Latin Agents Group Launches in New York
The growth of the country’s Hispanic population is a hot topic among demographers and marketers – including insurance producers and brokers. As of 2008, the last year for which census data is available, the country had a Hispanic population of 46.9 million. Hispanics are also the nation’s fastest-growing minority population, having grown by 3.2 percent between 2007 and 2008, according to the Census Bureau.
“Historically, the corporate level of the insurance industry has not always made a concentrated effort to market to the Latin agent and broker, nor do they fully understand the various cultures within the Hispanic community,” said Elmer Rivera, New York branch manager for Jimcor Agencies and founder of the Latin Agents and Brokers Association (LABA).
LABA recently launched as a new trade group for Latin insurance producers and brokers who serve the Hispanic community in the Northeast. LABA wants to help agents improve sales and service to Latin clients, Rivera said. The group hopes to establish a sizable presence over the next year among agents in New York, New Jersey and Connecticut. Its membership will comprise agents and broker of Latin descent, as well as non-Latin agents interested in pursuing a Hispanic customer base.

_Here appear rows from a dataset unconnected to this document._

(* For every $\gamma>0$ and every $E>0$ there exists a density operator $\varrho$ with $0<\operatorname{tr}[\varrho H]\le E+1$ such that $$\left\|\widetilde\varrho_{-}-\frac{{\cal N}_{-}(\gamma)[\varrho]}{\operatorname{tr}\big[{\cal N}_{-}(\gamma)[\varrho]\big]}\right\|_1\ \ge\ \sqrt{\frac{E}{E+1}},$$ and, likewise, for every $\gamma>0$ and $E>0$ there exists a density operator $\varrho$ with $0<\operatorname{tr}[\varrho H]\le E+1$ such that the same inequality holds with $\widetilde\varrho_{-},{\cal N}_{-}(\gamma)$ replaced by $\widetilde\varrho_{+},{\cal N}_{+}(\gamma)$.
   Context: ${\cal H}$ is a separable Hilbert space with orthonormal (Fock) basis $\{|n\rangle\}_{n=0}^{\infty}$; $a=\sum_{n\ge1}\sqrt{n}\,|n-1\rangle\langle n|$, $a^{\dagger}=\sum_{n\ge0}\sqrt{n+1}\,|n+1\rangle\langle n|$, $H=a^{\dagger}a$. For a density operator $\varrho$, $\operatorname{tr}[\varrho H^k]=\sum_n n^k\langle n|\varrho|n\rangle$. Ideal outputs: $\widetilde\varrho_{-}=a\varrho a^{\dagger}/\operatorname{tr}[a\varrho a^{\dagger}]$, $\widetilde\varrho_{+}=a^{\dagger}\varrho a/\operatorname{tr}[a^{\dagger}\varrho a]$ (defined for $0<\operatorname{tr}[\varrho H]<\infty$). For $\gamma>0$: ${\cal N}_{-}(\gamma)[\varrho]=(e^{2\gamma}-1)\,a e^{-\gamma H}\varrho e^{-\gamma H}a^{\dagger}$, ${\cal N}_{+}(\gamma)[\varrho]=(e^{2\gamma}-1)\,e^{-\gamma H}a^{\dagger}\varrho a e^{-\gamma H}$. $\|X\|_1=\operatorname{tr}\sqrt{X^{\dagger}X}$. *)

From Stdlib Require Import Reals ClassicalEpsilon.
Open Scope R_scope.

Definition C : Type := (R * R)%type.
Definition Re (z : C) : R := fst z.
Definition Im (z : C) : R := snd z.
Definition RtoC (r : R) : C := (r, 0).
Definition C0 : C := (0, 0).
Definition C1 : C := (1, 0).
Definition Cadd (z w : C) : C := (fst z + fst w, snd z + snd w).
Definition Copp (z : C) : C := (- fst z, - snd z).
Definition Csub (z w : C) : C := Cadd z (Copp w).
Definition Cmul (z w : C) : C :=
  (fst z * fst w - snd z * snd w, fst z * snd w + snd z * fst w).
Definition Cconj (z : C) : C := (fst z, - snd z).
Definition Cinv (z : C) : C :=
  (fst z / (fst z ^ 2 + snd z ^ 2), - snd z / (fst z ^ 2 + snd z ^ 2)).

Fixpoint Csum (n : nat) (f : nat -> C) : C :=
  match n with O => C0 | S m => Cadd (Csum m f) (f m) end.
Fixpoint Rsum (n : nat) (f : nat -> R) : R :=
  match n with O => 0 | S m => Rsum m f + f m end.

(** * Operators on the Fock space, as matrices in the Fock basis
    [X i j = <i| X |j>]. *)
Definition Op : Type := nat -> nat -> C.

Definition supported (d : nat) (X : Op) : Prop :=
  forall i j, (d <= i)%nat \/ (d <= j)%nat -> X i j = C0.
(* Let $\mathbb G=V_1\times V_2$ be a step-two Carnot group with $\mathcal A(V_1\times V_2)\subsetneq\mathcal A_h(\mathbb G)$. Then there are $x_1,x_2,x_3\in V_1$ such that $\operatorname{Lie}(x_1,x_2,x_3)$ is isomorphic to $\mathbb F_3$ (equivalently, $[x_1,x_2],[x_1,x_3],[x_2,x_3]$ are linearly independent). In addition, there is a bilinear map $b:V_1\times V_2\to\mathbb R$ such that $b(x,[x,x'])=0$ for all $x,x'\in V_1$ and $b(x_1,[x_2,x_3])=1$.
   Context: A step-two Carnot group is $\mathbb G=V_1\times V_2$ ($V_1,V_2$ finite-dimensional real vector spaces, $V_2\ne\{0\}$) with a bilinear skew-symmetric $[\cdot,\cdot]:V_1\times V_1\to V_2$ whose image spans $V_2$, and group law $(x,z)\cdot(x',z')=(x+x',z+z'+[x,x'])$. $\mathcal A_h(\mathbb G)$ is the space of maps $f:\mathbb G\to\mathbb R$ such that for all $(x,z)\in\mathbb G$, $y\in V_1$, $t\mapsto f((x,z)\cdot(ty,0))$ is affine; $\mathcal A(V_1\times V_2)$ is the space of maps affine in the usual sense. For $x_1,x_2,x_3\in V_1$, $\operatorname{Lie}(x_1,x_2,x_3):=\operatorname{span}\{x_1,x_2,x_3\}\times\operatorname{span}\{[x_i,x_j]:i,j\in\{1,2,3\}\}$ with the restricted bracket; it is isomorphic (via a bijective Carnot morphism) to $\mathbb F_3=\Lambda^1(\mathbb R^3)\times\Lambda^2(\mathbb R^3)$ (bracket $\theta\wedge\theta'$) exactly when $\dim\operatorname{span}\{[x_i,x_j]\}=3$. *)

From HB Require Import structures.
From mathcomp Require Import all_boot all_order all_algebra.
From mathcomp Require Import reals.
Set Implicit Arguments. Unset Strict Implicit. Unset Printing Implicit Defensive.
Import Order.TTheory GRing.Theory Num.Theory.
Local Open Scope ring_scope.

The growth of the Hispanic population nationwide comes at a time when the “Latin consumer is becoming more savvy and knowledgeable about financial protection,” Rivera said. And that’s no secret to other Latin American insurance groups, including the Latin American Agents Association (LAAA) – which focuses on agents in California, Arizona, Colorado, Texas, and Nevada – and the Latin American Association of Insurance Agencies (LAAIA), which comprises members chiefly from Florida. LAAA was founded in 1998; LAAIA was founded in 1969.

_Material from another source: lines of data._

(* Loomis-Sikorski argument.  The dual of [phi] is a map [stone_map] from
   Stone(B) to Stone(A).  Say that [b : B] represents a set [Y] of ultrafilters
   of [B] when [Y] and [clopen b] differ by a meager set; by the Baire category
   theorem for Stone(B), such a [b] is unique.  The sets of Stone(A) whose
   preimage under [stone_map] is represented form a sigma-algebra containing the
   clopens: a countable union is represented by the supremum of the
   representatives, because [clopen (sup b_n)] exceeds the union of the
   [clopen b_n] only by a nowhere dense set.  As each set [{f > r}] with [f]
   continuous is a countable union of clopens, the clopens generate the Baire
   sets.  Hence every Baire set has a representative, which defines the
   extension, and two sigma-homomorphisms agreeing on the clopens agree on all
   Baire sets. *)

From HB Require Import structures.
From mathcomp Require Import all_boot all_order all_algebra.
From mathcomp Require Import all_classical all_reals all_analysis.
From mathcomp Require Import Rstruct Rstruct_topology.
From Stdlib Require Import Reals.

Set Implicit Arguments.
Unset Strict Implicit.
Unset Printing Implicit Defensive.

Import Order.Theory GRing.Theory Num.Theory.
Local Open Scope classical_set_scope.
Local Open Scope order_scope.

Section Clopen.
Context {d : Order.disp_t} {L : ctbDistrLatticeType d}.
Implicit Types (x y : L) (U : stone L).

Lemma clopenS x y : x <= y -> clopen x `<=` clopen y.
Proof. by move=> xy [F [_ _ Fup _ _]] /= Fx; apply: Fup xy. Qed.

Lemma clopenT : clopen \top = [set: stone L].
Proof. by apply/seteqP; split => // -[F []]. Qed.

Lemma clopen0 : clopen \bot = set0 :> set (stone L).
Proof. by apply/seteqP; split => // -[F []]. Qed.

Lemma clopenI x y : clopen (x `&` y) = setI (clopen x) (clopen y).
Proof.
apply/seteqP; split => [U xyU|[F [_ _ _ Fmeet _]] [/= Fx Fy]]; last exact: Fmeet.
by split; apply: clopenS xyU; [exact: leIl|exact: leIr].
Qed.

Lemma clopenC x : clopen (~` x) = setC (clopen x).
Proof.
apply/seteqP; split => U; last by case: (proj2_sig U) => _ _ _ _ /(_ x) [].
move=> xCU xU; suff : (set0 : set (stone L)) U by [].
by rewrite -clopen0 -(meetxC x) clopenI.
Qed.

Lemma clopenU x y : clopen (x `|` y) = setU (clopen x) (clopen y).
Proof. by rewrite -[x `|` y]complK complU clopenC clopenI !clopenC setCI !setCK. Qed.

End Clopen.

Section UltrafilterLemma.
Context {d : Order.disp_t} {L : ctbDistrLatticeType d}.
Implicit Types (x y : L) (F G : set L).

Definition proper_filter F :=
  [/\ F \top, (forall x y, F x -> x <= y -> F y),
      (forall x y, F x -> F y -> F (x `&` y)) & ~ F \bot].

Lemma maximal_proper_filter_ultra F : proper_filter F ->
  (forall G, F `<` G -> ~ proper_filter G) -> ultrafilter F.
Proof.
move=> [FT Fup Fmeet Fbot] Fmax; split=> // x.
have [Fx|nFx] := pselect (F x); [by left|right].
pose G := [set y | exists2 a, F a & a `&` x <= y].
have [[a Fa]|nGbot] := pselect (G \bot).
  by rewrite lex0 disj_leC => /(Fup _ _ Fa).
exfalso; apply: (Fmax G); last split => //.
- split; first by move=> y Fy; exists y => //; exact: leIl.
  by move=> /(_ x) GF; apply: nFx; apply: GF; exists \top => //; rewrite meet1x.
- by exists \top => //; exact: lex1.
- by move=> y z [a Fa ay] yz; exists a => //; exact: le_trans yz.
- move=> y z [a Fa ay] [b Fb bz]; exists (a `&` b); first exact: Fmeet.
  by rewrite lexI (le_trans _ ay) ?(le_trans _ bz) // leI2 ?leIl ?leIr.
Qed.
(* Local version of the uniform radius: near a unit vector xs, the hulls
   conv(A_p(x') U A_p(-x')) all contain a common sup-norm ball, because the
   combinations expressing the basis in terms of the G xs, applied to x',
   form a perturbed basis. *)
Lemma local_radius xs : inRd d xs -> N xs = 1 -> exists r, 0 < r /\ exists delta, 0 < delta /\
  forall x', inRd d x' -> (forall i, (i < d)%nat -> Rabs (x' i - xs i) < r) ->
  forall y, inRd d y -> (forall j, (j < d)%nat -> Rabs (y j) <= delta) ->
  in_conv (orbit_pm d As p x') y.
Proof.
  intros Hxs HN1.
  assert (Hx0 : ~ vzero xs).
  { intro Hz. replace xs with v0 in HN1 by (vext; symmetry; apply Hz). rewrite (N_v0 d N HN) in HN1; lra. }
  destruct (basis_words xs Hxs Hx0) as [L HL].
  destruct (fin_bound d (fun i B => 0 <= B /\ forall v s, 0 <= s ->
      (forall j, (j < d)%nat -> Rabs (v j) <= s) ->
      forall j, (j < d)%nat -> Rabs (lcomb d (L i) v j) <= B * s)) as [B [HB0 HB]].
  { intros i B B' [H1 H2] H3. split; [lra|]. intros v s Hs Hv j Hj.
    specialize (H2 v s Hs Hv j Hj). assert (B * s <= B' * s) by (apply Rmult_le_compat_r; lra). lra. }
  { intros i Hi. destruct (lcomb_bound d (L i)) as [B [H1 H2]]. exists B; auto. }
  set (W := sumR d (fun i => sumabs (L i))).
  assert (HW : 0 <= W) by (apply sumR_nonneg; intros; apply sumabs_nonneg).
  assert (Hd0 : 0 <= INR d) by apply pos_INR.
  set (r := / (2 * (INR d * B + 1))).
  assert (Hr : 0 < r) by (apply Rinv_0_lt_compat; nra).
  exists r. split; auto. exists (/ (2 * (W + 1))). split; [apply Rinv_0_lt_compat; lra|].
  intros x' Hx' Hc y Hy Hyb.
  destruct (perturbed_solve d (fun i => lcomb d (L i) x') (B * r)) with (y := y) (s := / (2 * (W + 1)))
    as [v [Hv1 Hv2]]; [| | | exact Hy | exact Hyb |].
  - unfold r. replace (INR d * (B * / (2 * (INR d * B + 1)))) with ((INR d * B) / (2 * (INR d * B + 1)))
      by (field; nra).
    apply Rmult_le_reg_r with (2 * (INR d * B + 1)); [nra|].
    unfold Rdiv. rewrite Rmult_assoc, Rinv_l by nra. nra.
  - intros i j Hi Hj. destruct (HL i Hi) as [_ ->].
    replace (lcomb d (L i) x' j - lcomb d (L i) xs j) with (lcomb d (L i) (vadd x' (vscal (-1) xs)) j)
      by (rewrite lcomb_addx, lcomb_scalx; unfold vadd, vscal; ring).
    apply (proj2 (HB i Hi)); auto; [lra|]. intros j' Hj'. specialize (Hc j' Hj').
    unfold vadd, vscal. replace (x' j' + -1 * xs j') with (x' j' - xs j') by ring. lra.
  - intros i Hi. apply lcomb_inRd; auto.
  - apply (comb_in_hull d As p x' d L v y Hx'); auto.
    + intros i Hi; apply HL; auto.
    + apply Rle_trans with (sumR d (fun i => (2 * / (2 * (W + 1))) * sumabs (L i))).
      { apply sumR_le. intros i Hi. apply Rmult_le_compat_r; [apply sumabs_nonneg | auto]. }
      rewrite sumR_scal. fold W.
      replace (2 * / (2 * (W + 1)) * W) with (W / (W + 1)) by (field; lra).
      apply Rmult_le_reg_r with (W + 1); [lra|].
      unfold Rdiv. rewrite Rmult_assoc, Rinv_l by lra. lra.
Qed.

(* The uniform radius: one t0 > 0 with S(t0) inside conv(A_p(x) U A_p(-x))
   for all unit vectors x, by compactness of the box containing the sphere. *)
Lemma uniform_radius : exists t0, 0 < t0 /\ forall x, inRd d x -> N x = 1 ->
  forall y, inRd d y -> N y <= t0 -> in_conv (orbit_pm d As p x) y.
Proof.
  destruct (norm_lower d N HN) as [c [Hc Hcl]].
  destruct (norm_lipschitz d N HN) as [K [HK HKl]].
  set (P := fun x' delta => N x' = 1 -> forall y, inRd d y ->
              (forall j, (j < d)%nat -> Rabs (y j) <= delta) -> in_conv (orbit_pm d As p x') y).
  destruct (compact_box d P) with (M := / c) as [delta [Hdelta Hunif]].
  { intros x a b H1 H2 H3 y Hy Hyb. apply H1; auto. intros j Hj; specialize (Hyb j Hj); lra. }
  { left; apply Rinv_0_lt_compat; auto. }
  { intros x [Hx _]. destruct (Req_dec (N x) 1) as [E|E].
    - destruct (local_radius x Hx E) as [r [Hr [delta [Hdelta H]]]].
      exists r; split; auto. exists delta; split; auto.
      intros x' [Hx' _] Hc' _. apply H; auto.
    - (* away from the sphere, nearby points are off the sphere too *)
      assert (Hpos : 0 < Rabs (N x - 1)) by (apply Rabs_pos_lt; lra).
      exists (Rabs (N x - 1) / (2 * K)). split; [apply Rdiv_lt_0_compat; lra|].
      exists 1. split; [lra|]. intros x' [Hx' _] Hc' E'. exfalso.
      assert (Hl : Rabs (N x' - N x) <= K * (Rabs (N x - 1) / (2 * K))).
      { apply HKl; auto; [left; apply Rdiv_lt_0_compat; lra | intros i Hi; left; auto]. }
      replace (K * (Rabs (N x - 1) / (2 * K))) with (Rabs (N x - 1) / 2) in Hl by (field; lra).
      rewrite E' in Hl. rewrite Rabs_minus_sym in Hl. lra. }
  exists (c * delta). split; [nra|].
  intros x Hx HNx y Hy HNy. apply (Hunif x); auto.
  - split; auto. intros i Hi. specialize (Hcl x i Hx Hi). rewrite HNx in Hcl.
    apply Rabs_le_inv. apply Rmult_le_reg_l with c; auto. rewrite Rinv_r by lra. lra.
  - intros j Hj. specialize (Hcl y j Hy Hj). apply Rmult_le_reg_l with c; auto. lra.
Qed.
End Radius.

Lemma Rsup_spec E : bound E -> (exists x, E x) -> is_lub E (Rsup E).
Proof.
  intros H1 H2. unfold Rsup. destruct excluded_middle_informative as [H|H]; [|tauto].
  destruct (completeness E _ _); simpl; auto.
Qed.

Lemma Rsup_nonneg E : (forall x, E x -> 0 <= x) -> 0 <= Rsup E.
Proof.
  intros H. destruct (classic (bound E /\ exists x, E x)) as [[H1 [x Hx]]|H1].
  - destruct (Rsup_spec E H1 (ex_intro _ x Hx)) as [Hu _]. specialize (Hu x Hx). specialize (H x Hx). lra.
  - unfold Rsup. destruct excluded_middle_informative; [tauto|lra].
Qed.

Lemma rootn_nonneg a n : 0 <= rootn a n.
Proof. unfold rootn. destruct Req_EM_T; [lra|]. unfold Rpower. left; apply exp_pos. Qed.

Lemma jsr_nonneg d N As : 0 <= jsr d N As.
Proof.
  unfold jsr, limsup, Rinf. set (E := fun x : R => _).
  assert (Rsup E <= 0); [|lra].
  destruct (classic (bound E /\ exists x, E x)) as [[H1 H2]|H1];
    [|unfold Rsup; destruct excluded_middle_informative; [tauto|lra]].
  apply (Rsup_spec E H1 H2). intros y [n Hy].
  assert (0 <= - y); [|lra]. rewrite Hy. apply Rsup_nonneg. intros z [k [_ ->]]. apply rootn_nonneg.
Qed.

Definition hull_radii d N As p (v : Vec) : R -> Prop :=
  fun t => 0 <= t /\ forall y, inRd d y -> N y <= t -> in_conv (orbit_pm d As p v) y.

Section Radii.
Variables (d : nat) (N : Vec -> R) (As : list Mat) (p : nat) (HN : is_norm d N).

(* If S(t) lies in the hull of A_p(u) U A_p(-u), then t N(w xs) <= M N(xs)
   whenever M bounds the N(w G u): w maps t xs / N(xs) into the N-ball of radius M. *)
Lemma radius_times_image u w xs M t : inRd d u -> inRd d xs -> 0 < N xs ->
  (forall G, word_of As G -> (length G <= p)%nat -> N (applyw d w (applyw d G u)) <= M) ->
  hull_radii d N As p u t -> t * N (applyw d w xs) <= M * N xs.
Proof.
  intros Hu Hxs HNxs HM [Ht Hty].
  assert (Hc : 0 <= t / N xs) by (apply Rmult_le_pos; [lra | left; apply Rinv_0_lt_compat; lra]).
  assert (Hin : in_conv (orbit_pm d As p u) (vscal (t / N xs) xs)).
  { apply Hty; [apply inRd_vscal; auto|].
    rewrite (N_scal d N HN), Rabs_right by (auto; lra). right; field; lra. }
  pose proof (hull_bound d As p N HN u w M Hu HM _ Hin) as Hw.
  rewrite applyw_scal, (N_scal d N HN), Rabs_right in Hw by (try apply applyw_inRd; auto; lra).
  apply Rmult_le_reg_r with (/ N xs); [apply Rinv_0_lt_compat; lra|].
  replace (M * N xs * / N xs) with M by (field; lra). unfold Rdiv in Hw. lra.
Qed.

Lemma hull_radii_bounded u : inRd d u -> N u = 1 -> bound (hull_radii d N As p u).
Proof.
  intros Hu HNu. destruct (words_max As p (fun G => N (applyw d G u))) as [G [_ [_ HG]]].
  exists (N (applyw d G u)). intros t Ht.
  pose proof (radius_times_image u nil u _ t Hu Hu ltac:(lra) HG Ht) as H.
  change (applyw d nil u) with u in H. rewrite HNu in H. lra.
Qed.

Lemma sup_radius_times_image u w xs M : inRd d u -> N u = 1 -> inRd d xs -> 0 < N xs -> 0 <= M ->
  hull_radii d N As p u 0 ->
  (forall G, word_of As G -> (length G <= p)%nat -> N (applyw d w (applyw d G u)) <= M) ->
  Rsup (hull_radii d N As p u) * N (applyw d w xs) <= M * N xs.
Proof.
  intros Hu HNu Hxs HNxs HM H0 HG.
  assert (HA : 0 <= N (applyw d w xs)) by (apply (N_nonneg d N HN), applyw_inRd; auto).
  destruct HA as [HA|HA]; [|rewrite <- HA; nra].
  destruct (Rsup_spec _ (hull_radii_bounded u Hu HNu) (ex_intro _ 0 H0)) as [_ Hl].
  assert (Rsup (hull_radii d N As p u) <= M * N xs / N (applyw d w xs)).
  { apply Hl. intros t Ht. pose proof (radius_times_image u w xs M t Hu Hxs HNxs HG Ht).
    apply Rmult_le_reg_r with (N (applyw d w xs)); auto.
    replace (M * N xs / N (applyw d w xs) * N (applyw d w xs)) with (M * N xs) by (field; lra). lra. }
  apply Rle_trans with (M * N xs / N (applyw d w xs) * N (applyw d w xs)).
  - apply Rmult_le_compat_r; lra.
  - right; field; lra.
Qed.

Andre Urena, founder of the LAAA, said the group’s membership comprises “anybody of any race that focuses on the Hispanic market.” The association has 670 agencies and 200 insurance company members. The group works to educate agents on ways to overcome barriers of language and culture, as well as to develop trust and confidence among Hispanic customers.
It’s a niche that Urena said is getting bigger. “We see nothing but growth in the next few years,” he said. The group’s 2010 convention in Long Beach, Calif., brought roughly 2,000 attendees, largely from California but many from other areas of the country.
The growth is understandable, said LABA’s Rivera, given the nation’s shifting population. “There is a growing need of insurance agents and brokers who understand that diversity,” he said.
Of course, in some parts of the country, the prevalence of agents with Hispanic heritage is so common that it’s barely noticeable. In South Florida, which is home to one of the highest concentrations of Hispanics in the country, the line that divides that Latin and non-Latin insurance agents has become meaningless in some ways.
Case in point: The newly launched Broward County chapter of the Latin American Association of Insurance Agencies (LAAIA), where 80 percent of members are white, said President Joe Mier.
“The only thing Latin about is us our name,” Mier said, “and the way we embrace the community. We do not conduct any business in Spanish. We don’t target the Hispanic market. More and more, it’s just that agents are seeing the value they get their membership.”
The LAAIA is a nonprofit that was founded in 1969 with the goal of providing education and advancement for Latin agencies and principals and encourage them to work together to maintain access to certain carriers. But the organization quickly evolved to a group whose primary role was to provide continuing education for agents, as well as networking and other social opportunities.
Mier, who is also vice president of Allstar Direct Insurance and Financial Services, said that LAAIA is growing, but unlike the California and New York associations, he doesn’t see interest in LAAIA driven by any particular interest in enhancing agents’ access to Hispanic customers. Instead, he sees membership as an affirmation that the services and education the group provides are a value for agents.
“What’s happened is that we have become very mainstream,” he said.